Go through the entries below, count every line with the string "rules", and answer with only that number.

#### Information given ####

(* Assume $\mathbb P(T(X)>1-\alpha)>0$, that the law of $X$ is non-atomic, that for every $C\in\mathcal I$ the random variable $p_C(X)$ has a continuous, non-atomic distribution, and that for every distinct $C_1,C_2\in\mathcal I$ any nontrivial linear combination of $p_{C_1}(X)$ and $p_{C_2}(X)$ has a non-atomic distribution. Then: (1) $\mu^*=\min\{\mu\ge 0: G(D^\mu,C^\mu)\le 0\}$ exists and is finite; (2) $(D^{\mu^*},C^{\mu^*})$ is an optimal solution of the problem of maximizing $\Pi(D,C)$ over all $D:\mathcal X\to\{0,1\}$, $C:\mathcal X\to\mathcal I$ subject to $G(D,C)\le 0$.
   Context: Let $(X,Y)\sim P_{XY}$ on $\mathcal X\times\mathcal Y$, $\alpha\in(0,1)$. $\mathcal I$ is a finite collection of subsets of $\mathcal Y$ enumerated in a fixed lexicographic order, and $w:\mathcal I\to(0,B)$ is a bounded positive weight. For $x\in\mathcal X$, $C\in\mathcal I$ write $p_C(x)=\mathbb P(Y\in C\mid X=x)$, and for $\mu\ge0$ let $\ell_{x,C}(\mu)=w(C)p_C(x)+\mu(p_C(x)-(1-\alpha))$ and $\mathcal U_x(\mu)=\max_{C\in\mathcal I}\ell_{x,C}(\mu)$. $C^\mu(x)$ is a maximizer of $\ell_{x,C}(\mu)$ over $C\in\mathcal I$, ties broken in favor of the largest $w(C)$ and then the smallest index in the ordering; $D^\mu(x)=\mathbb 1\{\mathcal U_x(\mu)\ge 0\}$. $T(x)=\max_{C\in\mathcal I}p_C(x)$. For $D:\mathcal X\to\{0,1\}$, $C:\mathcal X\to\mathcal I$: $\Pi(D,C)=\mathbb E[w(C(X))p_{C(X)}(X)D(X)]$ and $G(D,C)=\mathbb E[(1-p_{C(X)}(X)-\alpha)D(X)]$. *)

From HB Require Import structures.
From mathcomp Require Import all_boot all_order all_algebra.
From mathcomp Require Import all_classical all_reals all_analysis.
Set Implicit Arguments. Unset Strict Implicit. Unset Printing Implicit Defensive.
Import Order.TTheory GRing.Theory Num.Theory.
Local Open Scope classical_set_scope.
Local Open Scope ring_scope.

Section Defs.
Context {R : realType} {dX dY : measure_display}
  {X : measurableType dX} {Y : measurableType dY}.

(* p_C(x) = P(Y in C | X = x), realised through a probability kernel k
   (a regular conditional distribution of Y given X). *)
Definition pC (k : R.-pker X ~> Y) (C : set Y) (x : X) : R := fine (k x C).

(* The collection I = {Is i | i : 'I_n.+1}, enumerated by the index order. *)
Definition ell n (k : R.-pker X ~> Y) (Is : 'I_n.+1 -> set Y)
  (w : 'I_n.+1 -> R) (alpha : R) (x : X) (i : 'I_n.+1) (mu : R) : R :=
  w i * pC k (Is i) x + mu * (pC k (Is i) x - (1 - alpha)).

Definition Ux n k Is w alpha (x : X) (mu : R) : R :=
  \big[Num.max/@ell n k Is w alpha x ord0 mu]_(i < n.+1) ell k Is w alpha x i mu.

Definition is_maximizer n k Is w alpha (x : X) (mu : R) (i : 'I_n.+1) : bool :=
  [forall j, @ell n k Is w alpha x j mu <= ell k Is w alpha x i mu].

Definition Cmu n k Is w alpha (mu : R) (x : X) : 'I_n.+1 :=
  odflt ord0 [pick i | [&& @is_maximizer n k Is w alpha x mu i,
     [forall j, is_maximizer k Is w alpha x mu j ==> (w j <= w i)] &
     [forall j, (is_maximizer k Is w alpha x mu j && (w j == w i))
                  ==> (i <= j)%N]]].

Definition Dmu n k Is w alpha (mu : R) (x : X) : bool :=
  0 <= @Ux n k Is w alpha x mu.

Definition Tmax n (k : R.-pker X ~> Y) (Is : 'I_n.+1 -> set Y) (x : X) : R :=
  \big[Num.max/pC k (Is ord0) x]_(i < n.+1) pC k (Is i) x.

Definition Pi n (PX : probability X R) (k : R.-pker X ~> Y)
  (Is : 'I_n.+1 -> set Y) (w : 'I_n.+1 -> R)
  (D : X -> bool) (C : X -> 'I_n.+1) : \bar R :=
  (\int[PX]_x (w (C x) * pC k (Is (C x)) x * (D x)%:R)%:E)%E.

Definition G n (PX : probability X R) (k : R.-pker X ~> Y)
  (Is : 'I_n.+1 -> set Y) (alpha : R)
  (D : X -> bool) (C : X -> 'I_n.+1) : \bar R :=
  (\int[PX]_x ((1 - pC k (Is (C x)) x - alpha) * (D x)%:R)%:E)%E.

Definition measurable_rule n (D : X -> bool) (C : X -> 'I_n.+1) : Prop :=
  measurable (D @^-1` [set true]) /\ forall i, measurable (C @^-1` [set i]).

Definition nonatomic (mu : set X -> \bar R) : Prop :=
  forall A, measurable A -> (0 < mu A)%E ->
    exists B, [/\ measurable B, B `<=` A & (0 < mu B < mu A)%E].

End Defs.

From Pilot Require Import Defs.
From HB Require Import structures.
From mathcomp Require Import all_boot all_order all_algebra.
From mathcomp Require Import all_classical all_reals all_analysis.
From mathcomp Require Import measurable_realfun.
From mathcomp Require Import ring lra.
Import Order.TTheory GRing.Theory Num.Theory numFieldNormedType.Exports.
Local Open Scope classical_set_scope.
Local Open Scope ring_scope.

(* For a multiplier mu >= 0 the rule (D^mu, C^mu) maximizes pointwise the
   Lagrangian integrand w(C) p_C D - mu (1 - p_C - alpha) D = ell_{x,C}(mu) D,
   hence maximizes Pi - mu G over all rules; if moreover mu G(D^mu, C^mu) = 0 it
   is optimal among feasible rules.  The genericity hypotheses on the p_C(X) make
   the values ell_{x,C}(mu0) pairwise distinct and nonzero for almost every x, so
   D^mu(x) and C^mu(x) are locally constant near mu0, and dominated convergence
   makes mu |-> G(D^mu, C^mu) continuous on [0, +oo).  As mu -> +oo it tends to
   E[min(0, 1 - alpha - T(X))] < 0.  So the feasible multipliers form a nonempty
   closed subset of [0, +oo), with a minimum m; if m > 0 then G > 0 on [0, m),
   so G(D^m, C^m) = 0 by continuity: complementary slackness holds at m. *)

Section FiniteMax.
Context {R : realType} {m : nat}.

####
#### Information given ####

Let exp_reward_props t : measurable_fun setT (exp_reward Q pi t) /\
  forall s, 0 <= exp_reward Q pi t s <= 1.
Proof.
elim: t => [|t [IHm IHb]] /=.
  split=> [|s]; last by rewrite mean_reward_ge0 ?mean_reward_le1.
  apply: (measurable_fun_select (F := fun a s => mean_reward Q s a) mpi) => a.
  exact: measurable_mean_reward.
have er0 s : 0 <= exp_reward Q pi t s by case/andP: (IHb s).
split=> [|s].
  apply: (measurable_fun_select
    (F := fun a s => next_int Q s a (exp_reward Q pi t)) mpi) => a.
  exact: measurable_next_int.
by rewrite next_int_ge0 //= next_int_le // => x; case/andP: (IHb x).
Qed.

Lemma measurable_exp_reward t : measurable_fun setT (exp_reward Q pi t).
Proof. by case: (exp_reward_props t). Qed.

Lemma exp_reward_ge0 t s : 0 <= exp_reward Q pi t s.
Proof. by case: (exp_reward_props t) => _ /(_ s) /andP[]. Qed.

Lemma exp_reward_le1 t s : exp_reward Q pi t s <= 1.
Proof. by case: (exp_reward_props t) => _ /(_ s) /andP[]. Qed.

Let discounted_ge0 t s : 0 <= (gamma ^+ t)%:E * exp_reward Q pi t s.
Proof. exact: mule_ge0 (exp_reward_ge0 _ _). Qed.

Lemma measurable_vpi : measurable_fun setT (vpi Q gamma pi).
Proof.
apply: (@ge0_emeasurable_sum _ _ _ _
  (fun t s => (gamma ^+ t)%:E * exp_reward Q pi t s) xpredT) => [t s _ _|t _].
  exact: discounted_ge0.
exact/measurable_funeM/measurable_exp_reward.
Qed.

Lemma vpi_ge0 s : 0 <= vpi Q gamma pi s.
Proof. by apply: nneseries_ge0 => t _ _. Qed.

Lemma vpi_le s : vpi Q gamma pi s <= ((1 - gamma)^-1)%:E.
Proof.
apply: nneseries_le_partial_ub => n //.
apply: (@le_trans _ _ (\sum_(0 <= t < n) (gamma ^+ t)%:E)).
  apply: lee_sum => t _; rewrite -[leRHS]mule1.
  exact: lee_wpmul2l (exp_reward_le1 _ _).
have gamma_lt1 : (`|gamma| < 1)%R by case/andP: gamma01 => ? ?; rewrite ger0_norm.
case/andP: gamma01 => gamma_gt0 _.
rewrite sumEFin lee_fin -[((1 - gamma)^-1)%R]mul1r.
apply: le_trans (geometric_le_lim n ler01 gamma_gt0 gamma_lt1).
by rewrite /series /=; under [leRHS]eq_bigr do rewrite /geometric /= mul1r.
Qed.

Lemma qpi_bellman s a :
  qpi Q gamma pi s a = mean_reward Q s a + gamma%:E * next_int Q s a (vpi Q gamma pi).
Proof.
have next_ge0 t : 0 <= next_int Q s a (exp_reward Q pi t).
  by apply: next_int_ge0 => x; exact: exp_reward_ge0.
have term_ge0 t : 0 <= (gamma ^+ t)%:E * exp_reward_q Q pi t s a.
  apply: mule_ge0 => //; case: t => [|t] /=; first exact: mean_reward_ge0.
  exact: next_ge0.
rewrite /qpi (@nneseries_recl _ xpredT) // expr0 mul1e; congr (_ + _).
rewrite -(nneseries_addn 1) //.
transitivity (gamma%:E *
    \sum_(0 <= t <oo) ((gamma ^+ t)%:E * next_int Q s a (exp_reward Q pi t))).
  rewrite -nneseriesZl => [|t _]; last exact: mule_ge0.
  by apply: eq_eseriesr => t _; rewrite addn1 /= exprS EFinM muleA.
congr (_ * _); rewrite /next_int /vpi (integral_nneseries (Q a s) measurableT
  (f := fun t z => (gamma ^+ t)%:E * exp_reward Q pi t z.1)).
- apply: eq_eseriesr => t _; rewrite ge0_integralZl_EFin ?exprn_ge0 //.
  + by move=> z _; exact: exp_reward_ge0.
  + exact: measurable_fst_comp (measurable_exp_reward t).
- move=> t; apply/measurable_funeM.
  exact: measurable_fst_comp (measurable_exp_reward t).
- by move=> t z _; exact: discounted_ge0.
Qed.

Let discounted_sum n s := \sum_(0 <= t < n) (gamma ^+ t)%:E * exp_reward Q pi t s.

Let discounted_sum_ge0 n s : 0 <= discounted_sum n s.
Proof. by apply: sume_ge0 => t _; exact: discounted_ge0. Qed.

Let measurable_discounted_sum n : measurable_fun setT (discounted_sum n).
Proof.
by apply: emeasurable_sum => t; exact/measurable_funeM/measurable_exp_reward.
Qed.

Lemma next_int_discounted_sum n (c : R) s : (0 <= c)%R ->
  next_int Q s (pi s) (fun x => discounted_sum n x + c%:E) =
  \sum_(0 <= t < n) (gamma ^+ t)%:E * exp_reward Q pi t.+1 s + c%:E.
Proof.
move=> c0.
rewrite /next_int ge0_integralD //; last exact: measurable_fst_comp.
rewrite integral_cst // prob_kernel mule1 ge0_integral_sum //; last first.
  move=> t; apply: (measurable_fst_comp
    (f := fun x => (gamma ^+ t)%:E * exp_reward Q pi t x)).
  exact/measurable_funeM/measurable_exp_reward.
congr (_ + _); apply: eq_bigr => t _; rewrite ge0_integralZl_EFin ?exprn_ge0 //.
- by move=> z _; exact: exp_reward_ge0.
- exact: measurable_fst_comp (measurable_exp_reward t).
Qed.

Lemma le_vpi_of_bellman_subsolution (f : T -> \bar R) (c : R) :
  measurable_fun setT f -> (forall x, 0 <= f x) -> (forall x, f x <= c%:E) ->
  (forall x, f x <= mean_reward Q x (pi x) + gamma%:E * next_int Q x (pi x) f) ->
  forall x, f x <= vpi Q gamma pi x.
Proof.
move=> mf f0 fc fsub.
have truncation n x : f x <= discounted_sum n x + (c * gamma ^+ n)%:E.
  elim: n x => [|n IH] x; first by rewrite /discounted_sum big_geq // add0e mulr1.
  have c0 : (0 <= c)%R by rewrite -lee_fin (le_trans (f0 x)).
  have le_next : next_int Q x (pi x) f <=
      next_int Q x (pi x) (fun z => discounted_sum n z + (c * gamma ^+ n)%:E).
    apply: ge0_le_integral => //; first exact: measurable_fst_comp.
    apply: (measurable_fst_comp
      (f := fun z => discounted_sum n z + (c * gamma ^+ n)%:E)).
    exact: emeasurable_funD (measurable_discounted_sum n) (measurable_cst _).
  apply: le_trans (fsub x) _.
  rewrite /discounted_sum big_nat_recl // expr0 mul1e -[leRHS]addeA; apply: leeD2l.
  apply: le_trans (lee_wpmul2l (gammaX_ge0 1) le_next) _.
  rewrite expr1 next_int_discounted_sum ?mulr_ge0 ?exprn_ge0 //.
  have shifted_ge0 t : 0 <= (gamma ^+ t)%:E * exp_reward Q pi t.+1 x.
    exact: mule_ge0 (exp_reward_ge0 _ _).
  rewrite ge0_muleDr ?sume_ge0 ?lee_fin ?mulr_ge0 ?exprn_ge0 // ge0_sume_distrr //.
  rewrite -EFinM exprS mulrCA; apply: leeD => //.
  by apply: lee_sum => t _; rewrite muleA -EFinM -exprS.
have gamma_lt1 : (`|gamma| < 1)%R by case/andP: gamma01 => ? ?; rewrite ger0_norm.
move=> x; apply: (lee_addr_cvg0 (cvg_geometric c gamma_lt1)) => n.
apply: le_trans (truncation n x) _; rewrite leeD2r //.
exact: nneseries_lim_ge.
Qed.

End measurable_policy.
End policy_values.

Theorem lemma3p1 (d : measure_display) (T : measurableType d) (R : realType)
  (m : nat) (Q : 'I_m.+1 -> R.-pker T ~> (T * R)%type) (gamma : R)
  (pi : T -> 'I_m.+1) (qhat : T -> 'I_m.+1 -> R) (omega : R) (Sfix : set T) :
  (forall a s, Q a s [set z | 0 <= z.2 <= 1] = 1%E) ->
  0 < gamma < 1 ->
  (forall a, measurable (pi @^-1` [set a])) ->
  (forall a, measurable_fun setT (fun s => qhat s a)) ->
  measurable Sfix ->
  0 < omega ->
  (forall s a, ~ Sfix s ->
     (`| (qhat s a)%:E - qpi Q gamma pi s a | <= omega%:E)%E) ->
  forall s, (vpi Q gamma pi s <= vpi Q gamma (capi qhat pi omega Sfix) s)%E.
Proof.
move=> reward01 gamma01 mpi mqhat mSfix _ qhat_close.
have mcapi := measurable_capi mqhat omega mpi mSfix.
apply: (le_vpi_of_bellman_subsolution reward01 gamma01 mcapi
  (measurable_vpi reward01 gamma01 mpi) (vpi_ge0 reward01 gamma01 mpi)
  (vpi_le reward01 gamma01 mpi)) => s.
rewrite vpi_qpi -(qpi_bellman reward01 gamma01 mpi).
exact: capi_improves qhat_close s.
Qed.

####

- **Exercise result**
2